WindowsDevCenter.com
oreilly.comSafari Books Online.Conferences.

advertisement


AddThis Social Bookmark Button

Ten Traps in C# for C++ Programmers

by Jesse Liberty, Jesse Liberty
08/16/2001

In a recent article for the July 2001 MSDN Magazine I talked about What You Need to Know to Move from C++ to C#. In that article I mentioned that the syntax of C# is very similar to that of C++, and that the difficult part of the transition was not the language itself, but getting comfortable with the managed environment of .NET and understanding the extensive .NET Framework.

Related Reading

Programming C#
By Jesse Liberty

I've begun to compile a list of the syntax differences that do exist between C++ and C# (the list is available on my Web site. Click on Books then navigate to Programming C# and click on the FAQ). As you might expect, most of the syntactic changes are small and nearly trivial. There are a few changes that are potential traps for the unwary C++ programmer, however, and this article will focus on the ten most dangerous.

Trap #1: Nondeterministic finalization and the C# destructor.

Almost certainly, the biggest difference in C# for most C++ programmers will be garbage collection. While this means you no longer have to worry about memory leaks and ensuring that pointers are deleted, you also give up precise control over when your objects will be destroyed. In fact, there is no explicit destructor in C#.

If you do control an unmanaged resource, however, you will need to explicitly free that resource when you are done with it. Implicit control over a resource is provided with a Finalize method (called a finalizer), which will be called by the garbage collector when your object is destroyed.


We asked Jesse how C# compares with other object-oriented programming languages and how C# fits into the .NET Framework in this oreilly.com interview.

The finalizer should only release unmanaged resources that are held by your object, and should not reference other objects. Note that if you have only managed references you do not need to and should not implement the Finalize method; you want this only for handling unmanaged resources. Because there is some cost to having a finalizer, you ought to implement this only on methods that require it (that is, methods that consume valuable unmanaged resources).

You must never call an object's Finalize method directly (except that you should call your base class's Finalize method in your own Finalize). The garbage collector will call Finalize for you.

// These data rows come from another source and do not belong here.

Lemma window_s_bound j : (l.+2 <= j <= l + T)%N -> 0 < s j <= Num.sqrt 15 / 4.
Proof.
case: j => [|[|k]] /andP[le_lj le_jl]; try lia.
have [s_gt0 _] := @Astar_run_s_sqr k ltac:(lia).
have m_gt0 : 0 < (m l.+1)%:R :> R by rewrite ltr0n Astar_run_m_gt0 //; lia.
have m_lk : (m l.+1)%:R <= (m k.+1)%:R :> R by rewrite ler_nat Astar_run_m_homo //; lia.
have m_kT : (m k.+3)%:R <= (m (l + T).+1)%:R :> R by rewrite ler_nat Astar_run_m_homo //; lia.
have s_m : 4 * s k.+2 * (m k.+1)%:R <= (m k.+3)%:R by apply: Astar_run_s_m_le; lia.
have s_m_lk : 4 * s k.+2 * (m l.+1)%:R <= 4 * s k.+2 * (m k.+1)%:R.
  by apply: ler_wpM2l => //; rewrite mulr_ge0 // ltW.
rewrite s_gt0 ler_pdivlMr // -(ler_pM2r m_gt0); have := window; lra.
Qed.

Lemma window_sum_ln_max_lt :
  \sum_(l.+2 <= j < (l + T).+1) ln (Num.max 1 ((4 * s j) ^+ 4)) < 4 * ln 15.
Proof.
pose L i := ln ((m i)%:R : R).
have L_homo i k : (i <= k <= J.+1)%N -> L i <= L k.
  move=> /andP[le_ik le_kJ]; have le_iJ := leq_trans le_ik le_kJ.
  by rewrite ler_ln ?posrE ?ltr0n ?Astar_run_m_gt0 // ler_nat Astar_run_m_homo // le_ik.
have term j : (l.+2 <= j < (l + T).+1)%N ->
    ln (Num.max 1 ((4 * s j) ^+ 4)) <= 4 * (L j.+1 - L j.-1).
  case: j => [|[|k]] /andP[le_lj le_jl]; try lia.
  apply: ln_max1_expr4_le.
  - exact: (@Astar_run_s_sqr k ltac:(lia)).1.
  - by rewrite ltr0n Astar_run_m_gt0 //; lia.
  - by rewrite ler_nat Astar_run_m_homo //; lia.
  - by apply: Astar_run_s_m_le; lia.
have ln_sqrt15 : 2 * ln (Num.sqrt 15 : R) = ln 15.
  by rewrite -[2]/(2%:R) mulr_natl -lnXn ?sqr_sqrtr ?sqrtr_gt0.
have ln_window : L (l + T).+1 < L l.+1 + ln (Num.sqrt 15).
  rewrite -lnM ?posrE ?sqrtr_gt0 ?ltr0n ?Astar_run_m_gt0 //; last lia.
  by rewrite ltr_ln ?posrE ?mulr_gt0 ?sqrtr_gt0 ?ltr0n ?Astar_run_m_gt0 //; lia.
apply: le_lt_trans (ler_sum_nat term) _.
rewrite -mulr_sumr telescope2_sumr /=; last lia.
have := L_homo l.+1 l.+2 ltac:(lia); have := L_homo (l + T) (l + T).+1 ltac:(lia).
lra.
Qed.

Lemma window_length_lt : T%:R < 5 + ln (1 + (fine (f z0) - fs) / eps) / ln 15.
Proof.
set B := ln (1 + _ / _).
have ln15_gt0 : 0 < ln (15 : R) by rewrite ln_gt0 // ltr1n.
have term j : (l.+2 <= j < (l + T).+1)%N ->
    ln 15 <= ln (1 / s j ^+ 2 - 1) + ln (Num.max 1 ((4 * s j) ^+ 4)).
  move=> /andP[le_lj lt_jl]; have /andP[s_gt0 s_le] := @window_s_bound j ltac:(lia).
  exact: ln15_le_ln_odds_add_ln_max.
have := ler_sum_nat term; rewrite big_split /= sumr_const_nat -[ln _ *+ _]mulr_natl.
have -> : ((l + T).+1 - l.+2 = T - 1)%N by lia.
rewrite natrB; last lia.
have := window_sum_ln_max_lt; have := window_sum_ln_odds_le; rewrite -/B => S3 S2 S.
rewrite -(ltr_pM2r ln15_gt0) mulrDl divfK ?gt_eqF //; nra.
Qed.

End Window.

End AstarRun.

Theorem lemma3 (R : realType) (n : nat) (N : 'rV[R]_n -> R)
  (f : 'rV[R]_n -> \bar R) (fs : R) (xbar : 'rV[R]_n -> 'rV[R]_n)
  (A : 'rV[R]_n -> nat -> 'rV[R]_n) :
  is_norm N -> proper_fun f -> closed_fun N f -> convex_fun f ->
  is_min_value f fs -> is_proj N (argmin_set f fs) xbar ->
  (forall x, A x 0%N = x) ->
  assumptionA N f fs xbar A ->
  forall (rho : R) (z0 : 'rV[R]_n) (eps : R),
  0 < rho -> sublevel f fs rho z0 -> 0 < eps ->
  forall (z : nat -> 'rV[R]_n) (m : nat -> nat) (jout : nat),
  Astar_run f A eps z0 z m jout -> (2 <= jout)%N ->
  forall T l : nat, (2 <= T <= jout)%N -> (l <= jout - T)%N ->
  (m (l + 1 + T)%N)%:R / Num.sqrt (15 : R) < (m (l + 1)%N)%:R ->
  let s := s_coef f z in
  [/\ (forall j : nat, (l + 2 <= j <= l + T)%N -> 0 < s j <= Num.sqrt (15 : R) / 4),
      \sum_(l + 2 <= j < (l + T).+1) ln (Num.max 1 ((4 * s j) ^+ 4)) < 4 * ln (15 : R),
      \sum_(l + 2 <= j < (l + T).+1) ln (1 / (s j) ^+ 2 - 1)
         <= ln (1 + (fine (f z0) - fs) / eps) &
      T%:R < 5 + ln (1 + (fine (f z0) - fs) / eps) / ln (15 : R)].
Proof.
move=> _ _ _ _ [_ fs_min] _ _ _ rho z0 eps _ z0_sub eps_gt0 z m J run _ T l.
move=> /andP[T_ge2 le_TJ] le_lJT window s.
have le_lTJ : (l + T <= J)%N by lia.
have {}window : (m (l + T).+1)%:R < (m l.+1)%:R * Num.sqrt (15 : R).
  by move: window; rewrite addn1 addSn ltr_pdivrMr ?sqrtr_gt0.
rewrite addn2; split.
- by move=> j; apply: (window_s_bound eps_gt0 run T_ge2 le_lTJ window).
- exact: (window_sum_ln_max_lt eps_gt0 run T_ge2 le_lTJ window).
- exact: (window_sum_ln_odds_le eps_gt0 run fs_min z0_sub T_ge2 le_lTJ).
- exact: (window_length_lt eps_gt0 run fs_min z0_sub T_ge2 le_lTJ window).
Qed.
(* Let $n_1>n_2>n_3$ be pairwise coprime positive integers forming a minimal system of generators of $\mathcal S=\langle n_1,n_2,n_3\rangle$. Define $$C_1=\min_{\alpha=1,\dots,I_1}\left\{\alpha n_2-[-n_3n_1^{-1}]_{n_2}\left\lfloor\frac{\alpha n_1}{[n_3n_2^{-1}]_{n_1}}\right\rfloor\right\},\quad C_2=\min_{\beta=1,\dots,I_2}\left\{\beta n_1-[-n_3n_2^{-1}]_{n_1}\left\lfloor\frac{\beta n_2}{[n_3n_1^{-1}]_{n_2}}\right\rfloor\right\},$$ $$C_3=\min_{\gamma=1,\dots,I_3}\left\{\gamma n_1-[-n_2n_3^{-1}]_{n_1}\left\lfloor\frac{\gamma n_3}{[n_2n_1^{-1}]_{n_3}}\right\rfloor\right\},$$ where $I_1=\left\lceil [-n_3n_1^{-1}]_{n_2}\frac{[n_3n_2^{-1}]_{n_1}}{n_3}\right\rceil$, $I_2=\left\lceil [-n_3n_2^{-1}]_{n_1}\frac{[n_3n_1^{-1}]_{n_2}}{n_3}\right\rceil$, $I_3=\left\lceil [-n_2n_3^{-1}]_{n_1}\frac{[n_2n_1^{-1}]_{n_3}}{n_2}\right\rceil$. Then the Frobenius number of $\mathcal S$ is $$F(\mathcal S)=C_1n_1+\max\left\{[C_2n_2n_3^{-1}]_{n_1}\,n_3,\ [C_3n_3n_2^{-1}]_{n_1}\,n_2\right\}-n_1-n_2-n_3 .$$
   Context: $\mathbb N$ denotes the nonnegative integers. For integers $a_1,\dots,a_r$, $\langle a_1,\dots,a_r\rangle=\{\sum t_la_l: t_l\in\mathbb N\}$. Minimal system of generators means that no $n_l$ belongs to the monoid generated by the other two. The Frobenius number $F(\mathcal S)$ is the largest integer not in $\mathcal S$. For an integer $m$ and $n\ge 1$, $[m]_n\in\{0,\dots,n-1\}$ denotes the remainder of $m$ upon division by $n$; for $a$ coprime to $n$, the symbol $a^{-1}$ inside $[\cdot]_n$ denotes a multiplicative inverse of $a$ modulo $n$ (so e.g. $[C_2n_2n_3^{-1}]_{n_1}$ is the remainder modulo $n_1$ of $C_2n_2$ times an inverse of $n_3$ modulo $n_1$). *)

From HB Require Import structures.
From mathcomp Require Import all_boot all_order all_algebra.
Set Implicit Arguments. Unset Strict Implicit. Unset Printing Implicit Defensive.
Import Order.TTheory GRing.Theory Num.Theory.
Local Open Scope ring_scope.

Definition inS3 (a1 a2 a3 : nat) (m : int) : Prop :=
  exists t1 t2 t3 : nat, m = (t1 * a1 + t2 * a2 + t3 * a3)%N%:Z.

Definition inS2 (a1 a2 : nat) (m : int) : Prop :=
  exists t1 t2 : nat, m = (t1 * a1 + t2 * a2)%N%:Z.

C#'s destructor looks, syntactically much like a C++ destructor, but it is totally different. The C# destructor is simply a shortcut for declaring a Finalize method that chains up to its base class. Thus writing:

~MyClass()
{ 
   // do work here
}

is identical to writing

MyClass.Finalize()
{ 
   // do work here
   base.Finalize();
}

Trap #2: Finalize versus Dispose.

It is not legal to call a finalizer explicitly. Your Finalize method will be called by the garbage collector. If you do handle limited unmanaged resources (such as file handles) that you want to close and dispose of as quickly as possible, you ought to implement the IDisposable interface. This interface has one method, Dispose, which will perform your cleanup. Your clients are then responsible for calling your Dispose method explicitly. Dispose is the way for your clients to say "don't wait for Finalize to be called, do it right now."

If you provide a Dispose method, you ought to stop the garbage collector from calling Finalize on your object; since the clean up will be provided explicitly. To do so, you call the static method GC.SuppressFinalize, passing in this the pointer for your object. Your Finalize method can then call your Dispose method.

Thus you might write:

public void Dispose()
{
  // perform clean up

  // tell the GC not to finalize
  GC.SuppressFinalize(this);
}

public override void Finalize()
{
  Dispose(); 
  base.Finalize();
}

For some objects, you'd rather have your clients call Close (for example, Close makes more sense than Dispose for file objects). You can implement this by creating a private Dispose method and a public Close method, and have your Close method invoke Dispose.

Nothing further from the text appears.